Su voz gutural y sus besos por el cuello fueron casi definitivos y ella supo que tenía que ser en ese momento, que tenían que alcanzar el clímax juntos, que no había marcha atrás. Él le agarró las muñecas y le puso los brazos a los costados de la cabeza. La expresión desenfrenada de sus ojos era tan aterradora como excitante. Estaba entrecortándosele la respiración mientras la atravesaba con esos ojos oscuros y sexys. Levantó las caderas y lo rodeó con las piernas mientras aumentaba la necesidad de unirse a él.

Dejó escapar otra maldición, le soltó un brazo mientras ella levantaba las caderas y él le quitaba las bragas negras. Ella contuvo el aliento, pero eso lo estimuló más y no se detuvo cuando ella presionó su desnudez contra la de él para sentir su erección íntimamente.

Per Dio…

Él lo susurró mientras ella se arqueaba hacia él. Entonces, acometió dentro de ella y se detuvo al oír su grito de dolor. Lo miró y vio que tenía el ceño fruncido con furia, pero no podía permitir que él acabara ahí, quería que la poseyera por completo, quería que la hiciera suya aunque solo fuese esa noche.

–No pares.

Arqueó las caderas para que entrara más y levantó la cabeza para besarle el pecho y paladear el sabor salado del deseo en su piel.

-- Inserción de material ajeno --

(* Let $T=((\Omega,\mathcal{A}),\{(\Omega,\mathcal{M}_i)\}_{i\in N},\{t_i\}_{i\in N})$ be a type space. Then exactly one of the following holds: (a) the players' beliefs in $T$ are universally consistent; (b) $T$ admits a universal money pump.
   Context: A field on a set $X$ is a collection of subsets of $X$ containing $X$ and closed under complements and finite intersections. For a field $\mathcal{A}$ on $\Omega$, $\mathrm{pba}(\Omega,\mathcal{A})$ is the set of finitely additive nonnegative $P:\mathcal{A}\to\mathbb{R}$ with $P(\Omega)=1$; $B(\Omega,\mathcal{A})$ is the sup-norm closure of the linear span of indicators of sets in $\mathcal{A}$. $\mathrm{ba}(\Omega,\mathcal{A})$ carries the weak* topology (weakest making $\mu\mapsto\int f\,d\mu$ continuous for all $f\in B(\Omega,\mathcal{A})$); $\overline{\,\cdot\,}^\ast$ denotes weak* closure. A type space is $T=((\Omega,\mathcal{A}),\{(\Omega,\mathcal{M}_i)\}_{i\in N},\{t_i\}_{i\in N})$ with $N$ a nonempty set of players, fields $\mathcal{M}_i\subseteq\mathcal{A}$ on a set $\Omega$, and $t_i:\Omega\times\mathcal{A}\to[0,1]$ with: $t_i(\omega,\cdot)\in\mathrm{pba}(\Omega,\mathcal{A})$; $t_i(\cdot,E)\in B(\Omega,\mathcal{M}_i)$ for all $E\in\mathcal{A}$; $t_i(\omega,E)=1$ whenever $E\in\mathcal{M}_i$, $\omega\in E$. Let $\Pi_i=\overline{\mathrm{conv}\{t_i(\omega,\cdot):\omega\in\Omega\}}^\ast$ (equivalently the $P\in\mathrm{pba}(\Omega,\mathcal{A})$ with $P(E\cap F)=\int_F t_i(\cdot,E)\,dP$ for all $E\in\mathcal{A},F\in\mathcal{M}_i$). For $I\subseteq N$, a nonempty $S\subseteq\Omega$ is an $I$-common certainty component if there is $E\in\mathcal{A}$ with $E\subseteq S$ and $t_i(\omega,E)=1$ for all $\omega\in S$, $i\in I$. A set $E$ is $I$-commonly certain at $\omega$ if there is an $I$-common certainty component $S$ with $\omega\in S\subseteq E$. Universal consistency: for every finite $I\subseteq N$ and every $I$-common certainty component $S$ there is $P\in\bigcap_{i\in I}\Pi_i$ with $\inf\{P(E):E\in\mathcal{A},S\subseteq E\}>0$. A semi-bet is a family $(f_i)_{i\in I}\subseteq B(\Omega,\mathcal{A})$, $I\subseteq N$ finite, such that for every $\omega\in\Omega$ the set $\{\omega':\int f_i\,dt_i(\omega',\cdot)\ge0\ \forall i\in I\}$ is $I$-commonly certain at $\omega$. $T$ admits a universal money pump if there exist a finite $I\subseteq N$ and an $I$-common certainty component $S$ such that for every $P\in\mathrm{pba}(\Omega,\mathcal{A})$ with $\inf\{P(E):E\in\mathcal{A},S\subseteq E\}>0$ there is a semi-bet $(f_i)_{i\in I}$ with $\int\sum_{i\in I}f_i\,dP<0$. *)

From Stdlib Require Import Reals Lra List ClassicalEpsilon.
Import ListNotations.
Open Scope R_scope.

Section TypeSpaces.
Context {Omega : Type}.

Definition set := Omega -> Prop.
Definition setT : set := fun _ => True.
Definition setC (E : set) : set := fun x => ~ E x.
Definition setI (E F : set) : set := fun x => E x /\ F x.
Definition setU (E F : set) : set := fun x => E x \/ F x.
Definition subset (E F : set) : Prop := forall x, E x -> F x.

Definition is_field (A : set -> Prop) : Prop :=
  A setT /\ (forall E, A E -> A (setC E)) /\
  (forall E F, A E -> A F -> A (setI E F)).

–Eres… –susurró él en tono áspero.

Ella lo besó para ocultar la verdad mientras se levantaba más y hacía que su posesión fuese más profunda y también hacía que él se dejara arrastrar. Él dejó escapar otra maldición mientras la acompañaba en el baile frenético del sexo. Era maravilloso, nunca se había atrevido a esperar que fuese así, gritó mientras se acercaba al límite de la inconsciencia y lo abrazó con fuerza mientras le caían unas lágrimas por las mejillas. Escondió la cara en su pecho, inhaló el sexy aroma de él y supo que quedaría grabado en su memoria para siempre… como quedaría grabado el momento en el que perdió la virginidad y se convirtió en una mujer de verdad con un hombre que no sabía cómo se llamaba.

Se movió cuando el corazón empezó a apaciguarse y el cuerpo de él se relajó, pero él volvió a abrazarla.

–Todavía no vas a irte a ningún sitio.

Esas palabras hicieron que la cabeza le diera vueltas, y que se diera cuenta de lo que había hecho. Por fin, el buen juicio estaba abriéndose paso entre la espesa niebla del deseo. Había perdido la virginidad y había puesto en peligro su empleo por un hombre que ni siquiera se había molestado en tener la cortesía de presentarse. Sus besos y sus palabras amables la habían seducido en el día que más vulnerable estaba, un día en el que necesitaba saber que estaba viva y demostrarse que podía ser una mujer que dirigía su propia vida.

La respiración de él se hizo más profunda cuando se quedó dormido y, aun así, la tenía firmemente agarrada contra él. Piper sabía que tenía que irse. Había sido una noche maravillosa, pero ella no era esa.

Se levantó de la cama con cuidado y se vistió sin ver casi nada. Él se agitó y ella miró su hermoso rostro y su cuerpo delgado medio tapado por la sábana. Se lo grabó en la memoria porque era un hombre que solo quería aventuras esporádicas y ella lo sabía a pesar de su inocencia.

Salió en silencio de la habitación del hombre que ni siquiera sabía cómo se llamaba, el hombre al que no vería nunca más mientras ella volvería a ser la mujer tímida que hacía un año había llegado a Londres desde Australia.